[Saved data entries]
━━━━━━━━━━━━━━━━

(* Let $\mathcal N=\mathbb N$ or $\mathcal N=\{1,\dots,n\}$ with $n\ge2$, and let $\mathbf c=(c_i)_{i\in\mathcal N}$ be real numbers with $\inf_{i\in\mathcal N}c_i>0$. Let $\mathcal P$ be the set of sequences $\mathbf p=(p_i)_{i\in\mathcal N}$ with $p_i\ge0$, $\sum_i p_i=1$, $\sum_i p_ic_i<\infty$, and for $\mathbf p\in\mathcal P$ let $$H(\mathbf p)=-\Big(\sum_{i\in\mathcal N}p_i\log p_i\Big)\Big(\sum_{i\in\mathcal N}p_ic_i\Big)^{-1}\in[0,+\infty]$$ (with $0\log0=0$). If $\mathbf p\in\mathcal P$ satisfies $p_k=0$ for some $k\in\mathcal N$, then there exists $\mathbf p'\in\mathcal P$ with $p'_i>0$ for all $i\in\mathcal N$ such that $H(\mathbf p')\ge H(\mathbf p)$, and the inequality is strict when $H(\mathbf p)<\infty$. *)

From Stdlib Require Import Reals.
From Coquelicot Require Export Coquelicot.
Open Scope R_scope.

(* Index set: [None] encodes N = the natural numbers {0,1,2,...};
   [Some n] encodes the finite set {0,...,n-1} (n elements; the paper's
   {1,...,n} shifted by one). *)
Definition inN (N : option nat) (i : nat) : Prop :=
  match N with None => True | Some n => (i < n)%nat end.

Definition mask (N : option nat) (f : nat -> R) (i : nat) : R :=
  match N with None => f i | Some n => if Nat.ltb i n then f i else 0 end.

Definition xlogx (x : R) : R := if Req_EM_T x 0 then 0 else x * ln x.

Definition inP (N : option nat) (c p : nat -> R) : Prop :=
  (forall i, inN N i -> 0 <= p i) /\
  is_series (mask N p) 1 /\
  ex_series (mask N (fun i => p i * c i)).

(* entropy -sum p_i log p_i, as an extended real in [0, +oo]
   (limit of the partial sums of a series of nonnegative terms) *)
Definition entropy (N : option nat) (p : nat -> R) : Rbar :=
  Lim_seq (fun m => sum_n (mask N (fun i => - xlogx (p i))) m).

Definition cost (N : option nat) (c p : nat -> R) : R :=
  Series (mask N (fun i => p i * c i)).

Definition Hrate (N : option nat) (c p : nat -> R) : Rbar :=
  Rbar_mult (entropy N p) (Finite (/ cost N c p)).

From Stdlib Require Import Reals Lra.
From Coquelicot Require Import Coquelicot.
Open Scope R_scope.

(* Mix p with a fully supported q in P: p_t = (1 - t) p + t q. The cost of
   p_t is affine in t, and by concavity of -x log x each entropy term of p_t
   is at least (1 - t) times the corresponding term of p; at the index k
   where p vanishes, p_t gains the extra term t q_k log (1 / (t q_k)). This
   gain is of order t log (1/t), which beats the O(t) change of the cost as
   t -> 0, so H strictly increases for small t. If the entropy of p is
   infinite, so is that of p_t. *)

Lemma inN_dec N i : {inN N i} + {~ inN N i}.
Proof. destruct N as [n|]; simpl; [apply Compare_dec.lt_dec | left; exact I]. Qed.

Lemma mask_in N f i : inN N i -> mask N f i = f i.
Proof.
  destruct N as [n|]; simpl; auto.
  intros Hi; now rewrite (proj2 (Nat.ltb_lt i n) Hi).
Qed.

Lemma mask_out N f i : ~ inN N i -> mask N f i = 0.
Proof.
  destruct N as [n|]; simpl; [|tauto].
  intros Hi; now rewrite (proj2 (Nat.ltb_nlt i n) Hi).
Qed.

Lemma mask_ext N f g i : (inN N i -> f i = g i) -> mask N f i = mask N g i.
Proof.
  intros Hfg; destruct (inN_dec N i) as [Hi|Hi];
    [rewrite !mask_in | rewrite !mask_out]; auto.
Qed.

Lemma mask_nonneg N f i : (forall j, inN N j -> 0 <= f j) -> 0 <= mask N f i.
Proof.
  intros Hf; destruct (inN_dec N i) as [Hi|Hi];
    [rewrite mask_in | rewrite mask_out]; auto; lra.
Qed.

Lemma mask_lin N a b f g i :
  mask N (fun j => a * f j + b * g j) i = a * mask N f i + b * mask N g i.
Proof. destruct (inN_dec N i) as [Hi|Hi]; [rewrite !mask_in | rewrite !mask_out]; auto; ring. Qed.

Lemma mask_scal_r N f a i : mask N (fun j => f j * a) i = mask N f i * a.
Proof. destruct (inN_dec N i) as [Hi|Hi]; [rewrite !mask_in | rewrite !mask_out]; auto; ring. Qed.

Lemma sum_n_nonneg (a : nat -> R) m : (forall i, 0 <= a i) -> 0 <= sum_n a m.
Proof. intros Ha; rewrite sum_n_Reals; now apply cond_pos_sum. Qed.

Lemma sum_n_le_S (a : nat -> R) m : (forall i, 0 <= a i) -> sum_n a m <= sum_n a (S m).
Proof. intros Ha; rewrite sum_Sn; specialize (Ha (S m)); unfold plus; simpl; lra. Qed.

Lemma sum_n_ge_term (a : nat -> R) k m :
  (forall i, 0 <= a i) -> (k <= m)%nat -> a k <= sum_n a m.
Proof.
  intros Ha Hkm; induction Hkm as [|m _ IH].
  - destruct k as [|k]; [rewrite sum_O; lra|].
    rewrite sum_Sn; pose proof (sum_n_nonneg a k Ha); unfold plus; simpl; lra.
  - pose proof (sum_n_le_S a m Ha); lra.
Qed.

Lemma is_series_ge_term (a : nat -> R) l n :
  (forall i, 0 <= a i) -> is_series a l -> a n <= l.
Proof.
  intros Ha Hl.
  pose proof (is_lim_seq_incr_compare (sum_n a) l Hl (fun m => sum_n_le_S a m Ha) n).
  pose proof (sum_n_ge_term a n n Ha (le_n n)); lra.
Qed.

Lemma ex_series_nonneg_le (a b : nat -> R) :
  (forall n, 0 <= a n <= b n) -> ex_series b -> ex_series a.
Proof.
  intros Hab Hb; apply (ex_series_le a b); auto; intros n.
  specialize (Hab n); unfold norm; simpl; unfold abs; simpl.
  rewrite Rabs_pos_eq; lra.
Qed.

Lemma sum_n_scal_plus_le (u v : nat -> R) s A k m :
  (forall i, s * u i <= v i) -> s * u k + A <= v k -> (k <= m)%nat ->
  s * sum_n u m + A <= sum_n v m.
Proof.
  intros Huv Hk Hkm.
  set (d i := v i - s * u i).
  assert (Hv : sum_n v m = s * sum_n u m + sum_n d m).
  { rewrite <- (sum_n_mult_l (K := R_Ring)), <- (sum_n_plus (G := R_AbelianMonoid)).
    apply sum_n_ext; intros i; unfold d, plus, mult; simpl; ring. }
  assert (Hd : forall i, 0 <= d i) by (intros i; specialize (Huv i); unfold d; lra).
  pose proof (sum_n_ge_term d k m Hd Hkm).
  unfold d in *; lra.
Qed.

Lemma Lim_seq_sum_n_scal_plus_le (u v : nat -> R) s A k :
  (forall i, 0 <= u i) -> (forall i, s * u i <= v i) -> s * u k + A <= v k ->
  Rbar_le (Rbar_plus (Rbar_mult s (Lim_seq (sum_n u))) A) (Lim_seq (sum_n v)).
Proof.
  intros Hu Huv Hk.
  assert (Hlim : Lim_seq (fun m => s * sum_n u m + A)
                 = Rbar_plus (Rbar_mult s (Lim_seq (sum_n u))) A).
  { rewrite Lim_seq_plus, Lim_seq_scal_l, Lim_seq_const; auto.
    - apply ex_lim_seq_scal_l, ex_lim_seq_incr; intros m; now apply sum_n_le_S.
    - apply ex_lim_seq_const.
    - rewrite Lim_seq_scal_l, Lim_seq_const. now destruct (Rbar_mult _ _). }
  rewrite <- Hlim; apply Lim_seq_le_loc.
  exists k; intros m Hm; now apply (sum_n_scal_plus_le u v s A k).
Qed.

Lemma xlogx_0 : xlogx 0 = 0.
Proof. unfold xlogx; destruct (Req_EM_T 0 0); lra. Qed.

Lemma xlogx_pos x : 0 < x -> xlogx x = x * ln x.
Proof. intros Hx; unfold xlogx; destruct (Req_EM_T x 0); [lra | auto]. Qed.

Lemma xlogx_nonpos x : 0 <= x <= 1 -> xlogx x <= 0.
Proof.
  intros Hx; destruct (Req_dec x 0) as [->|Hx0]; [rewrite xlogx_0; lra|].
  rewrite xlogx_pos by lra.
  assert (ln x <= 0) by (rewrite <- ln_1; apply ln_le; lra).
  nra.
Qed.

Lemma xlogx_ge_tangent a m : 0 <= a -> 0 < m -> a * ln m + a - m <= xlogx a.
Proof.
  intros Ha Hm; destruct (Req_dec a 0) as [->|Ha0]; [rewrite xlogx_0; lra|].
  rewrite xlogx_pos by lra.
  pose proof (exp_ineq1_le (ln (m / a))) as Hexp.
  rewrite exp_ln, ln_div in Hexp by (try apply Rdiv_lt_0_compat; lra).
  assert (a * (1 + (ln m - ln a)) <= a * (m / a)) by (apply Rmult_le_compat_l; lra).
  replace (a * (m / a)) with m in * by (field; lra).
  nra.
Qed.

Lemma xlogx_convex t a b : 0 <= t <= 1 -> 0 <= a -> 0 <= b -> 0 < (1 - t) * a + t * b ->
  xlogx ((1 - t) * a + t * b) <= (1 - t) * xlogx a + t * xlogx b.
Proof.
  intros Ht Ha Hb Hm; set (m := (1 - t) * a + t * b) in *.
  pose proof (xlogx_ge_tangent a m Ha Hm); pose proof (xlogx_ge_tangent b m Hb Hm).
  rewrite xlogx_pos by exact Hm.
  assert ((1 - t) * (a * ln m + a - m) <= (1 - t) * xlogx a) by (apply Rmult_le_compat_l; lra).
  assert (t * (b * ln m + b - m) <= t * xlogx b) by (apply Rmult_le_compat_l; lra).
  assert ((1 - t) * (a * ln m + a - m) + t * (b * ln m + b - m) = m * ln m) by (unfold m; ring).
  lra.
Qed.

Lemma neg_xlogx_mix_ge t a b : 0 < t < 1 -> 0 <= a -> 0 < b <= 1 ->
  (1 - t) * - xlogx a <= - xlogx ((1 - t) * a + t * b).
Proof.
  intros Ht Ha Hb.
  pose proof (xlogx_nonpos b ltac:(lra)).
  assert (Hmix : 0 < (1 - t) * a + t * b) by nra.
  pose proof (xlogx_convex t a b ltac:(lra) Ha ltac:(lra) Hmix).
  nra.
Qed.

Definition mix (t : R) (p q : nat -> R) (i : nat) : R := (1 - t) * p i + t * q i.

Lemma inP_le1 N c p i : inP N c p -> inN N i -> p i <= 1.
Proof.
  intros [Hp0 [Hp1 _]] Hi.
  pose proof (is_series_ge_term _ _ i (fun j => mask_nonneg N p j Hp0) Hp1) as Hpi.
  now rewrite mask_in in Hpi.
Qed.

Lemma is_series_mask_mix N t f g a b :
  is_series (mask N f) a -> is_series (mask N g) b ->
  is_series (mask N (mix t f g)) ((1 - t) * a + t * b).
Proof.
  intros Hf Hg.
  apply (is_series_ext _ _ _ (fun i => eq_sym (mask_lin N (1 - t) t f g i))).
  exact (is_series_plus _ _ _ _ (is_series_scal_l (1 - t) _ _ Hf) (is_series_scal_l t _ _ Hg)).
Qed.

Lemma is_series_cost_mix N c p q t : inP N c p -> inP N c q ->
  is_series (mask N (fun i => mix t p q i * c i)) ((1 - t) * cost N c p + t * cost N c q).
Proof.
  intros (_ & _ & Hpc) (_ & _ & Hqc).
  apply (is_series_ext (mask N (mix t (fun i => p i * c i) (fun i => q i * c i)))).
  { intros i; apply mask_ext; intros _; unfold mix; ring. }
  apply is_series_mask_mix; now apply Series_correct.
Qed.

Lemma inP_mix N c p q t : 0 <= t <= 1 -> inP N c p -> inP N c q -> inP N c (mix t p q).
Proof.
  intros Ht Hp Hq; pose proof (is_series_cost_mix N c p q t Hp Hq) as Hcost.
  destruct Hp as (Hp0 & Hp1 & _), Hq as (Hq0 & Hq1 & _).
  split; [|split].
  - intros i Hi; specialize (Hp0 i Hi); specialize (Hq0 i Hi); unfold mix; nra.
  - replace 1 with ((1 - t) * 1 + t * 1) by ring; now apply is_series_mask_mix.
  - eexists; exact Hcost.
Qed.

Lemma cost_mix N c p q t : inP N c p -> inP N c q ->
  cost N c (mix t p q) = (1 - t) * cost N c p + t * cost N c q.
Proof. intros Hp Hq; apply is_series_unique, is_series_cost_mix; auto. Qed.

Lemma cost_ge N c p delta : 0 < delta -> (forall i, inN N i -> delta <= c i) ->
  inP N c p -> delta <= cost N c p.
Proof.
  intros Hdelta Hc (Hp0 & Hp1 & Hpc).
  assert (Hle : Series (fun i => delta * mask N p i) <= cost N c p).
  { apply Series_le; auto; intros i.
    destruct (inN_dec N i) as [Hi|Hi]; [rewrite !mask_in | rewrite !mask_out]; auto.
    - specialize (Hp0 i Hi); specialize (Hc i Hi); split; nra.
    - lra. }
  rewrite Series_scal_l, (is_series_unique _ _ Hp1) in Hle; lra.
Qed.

━━━━━━━━━━━━━━━━

### [ACTION ITEM]
Return exactly, and only, the lines above starting at the line that contains "Lemma sum_n_scal_plus_le (u" and ending at the line that contains "Lemma Lim_seq_sum_n_scal_plus_le (u".

### [FINISHED TASK]
Lemma sum_n_scal_plus_le (u v : nat -> R) s A k m :
  (forall i, s * u i <= v i) -> s * u k + A <= v k -> (k <= m)%nat ->
  s * sum_n u m + A <= sum_n v m.
Proof.
  intros Huv Hk Hkm.
  set (d i := v i - s * u i).
  assert (Hv : sum_n v m = s * sum_n u m + sum_n d m).
  { rewrite <- (sum_n_mult_l (K := R_Ring)), <- (sum_n_plus (G := R_AbelianMonoid)).
    apply sum_n_ext; intros i; unfold d, plus, mult; simpl; ring. }
  assert (Hd : forall i, 0 <= d i) by (intros i; specialize (Huv i); unfold d; lra).
  pose proof (sum_n_ge_term d k m Hd Hkm).
  unfold d in *; lra.
Qed.

Lemma Lim_seq_sum_n_scal_plus_le (u v : nat -> R) s A k :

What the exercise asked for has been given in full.